The .head() is something you can do with Pandas DataFrames, and it will output the first n rows, where n is the optional parameter you pass. If you don't pass a parameter, 5 is the default value. We mosly will use .head() to just get a quick glimpse of our data to make sure we're on the right track. Looks great to me!

In case you do not know:

* Open - When the stock market opens in the morning for trading, what was the price of one share?
* High - over the course of the trading day, what was the highest value for that day?
* Low - over the course of the trading day, what was the lowest value for that day?
* Close - When the trading day was over, what was the final price?
* Volume - For that day, how many shares were traded?

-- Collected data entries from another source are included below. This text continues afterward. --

(* There is an absolute constant $C>0$ such that for every $n\ge2$, all concave non-decreasing valuations $v_1,\dots,v_n:[0,1]\to\mathbb R_{\ge0}$ and all budgets $B_1,\dots,B_n>0$, the final allocation $y$ of the Estimate-and-Price auction (player $r_1$ receiving his allocation as specified by the auction, every other player $i$ receiving $x_i$ from Sell-Without-$r_1$) satisfies $\bar W(y)\ge\frac{1}{C\log n}\bar W^*$.
   Context: One divisible good (the interval $[0,1]$), $n\ge2$ players with valuations $v_i$ and budgets $B_i$. Let $\bar v_i(y)=\min\{v_i(y),B_i\}$ and $k=\lceil 8\log_2 n\rceil$. Liquid welfare: $\bar W(y)=\sum_i\min\{v_i(y_i),B_i\}$; $\bar W^*=\sup\{\bar W(y):y\in\mathbb R^n_{\ge0},\sum_iy_i=1\}$. Sell-Without-$r$ (for a player $r$): define $p:[0,\frac12]\to\mathbb R_{\ge0}$ by $p(t)=p_j=\frac{2^j}{8}\bar v_r(\frac12)$ for $t\in[\frac{j-1}{2k},\frac{j}{2k})$, $j=1,\dots,k$. The players other than $r$ are processed in a fixed arbitrary order; when player $i$'s turn comes, let $z_i$ be the total amount taken by earlier players; player $i$ takes $x_i\in[0,\frac12-z_i]$ maximizing $v_i(x_i)-\int_{z_i}^{z_i+x_i}p(t)\,dt$ subject to $\int_{z_i}^{z_i+x_i}p(t)\,dt\le B_i$, and pays $\pi_i=\int_{z_i}^{z_i+x_i}p(t)\,dt$. Estimate-and-Price: let $r_1=\arg\max_i\bar v_i(\frac12)$ and $r_2=\arg\max_{i\ne r_1}\bar v_i(\frac12)$ (fixed tie-breaking). Let $(x,\pi)$ be the outcome of Sell-Without-$r_1$ on players $[n]\setminus\{r_1\}$ and $(x',\pi')$ that of Sell-Without-$r_2$ on players $[n]\setminus\{r_2\}$. Each $i\ne r_1$ receives $x_i$ and pays $\pi_i$. Player $r_1$ receives $x'_{r_1}$ and pays $\pi'_{r_1}$ if $v_{r_1}(x'_{r_1})-\pi'_{r_1}\ge v_{r_1}(\frac12)-2\bar v_{r_2}(\frac12)$; otherwise he receives $\frac12$ and pays $2\bar v_{r_2}(\frac12)$. *)

From Stdlib Require Import Reals Lra Lia List Permutation.
Import ListNotations.
Open Scope R_scope.

(* Players are the naturals 0..n-1; valuations v i : R -> R (relevant on [0,1]). *)

Definition vbar (v : nat -> R -> R) (B : nat -> R) (i : nat) (y : R) : R :=
  Rmin (v i y) (B i).

Definition sumR (l : list nat) (f : nat -> R) : R :=
  fold_right (fun i acc => f i + acc) 0 l.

* Adj Close - This one is slightly more complicated, but, over time, companies may decide to do something called a stock split. For example, Apple did one once their stock price exceeded \\$1000. Since in most cases, people cannot buy fractions of shares, a stock price of \\$1,000 is fairly limiting to investors. Companies can do a stock split where they say every share is now 2 shares, and the price is half. Anyone who had 1 share of Apple for \\$1,000, after a split where Apple doubled the shares, they would have 2 shares of Apple (AAPL), each worth \\$500. Adj Close is helpful, since it accounts for future stock splits, and gives the relative price to splits. For this reason, the adjusted prices are the prices you're most likely to be dealing with.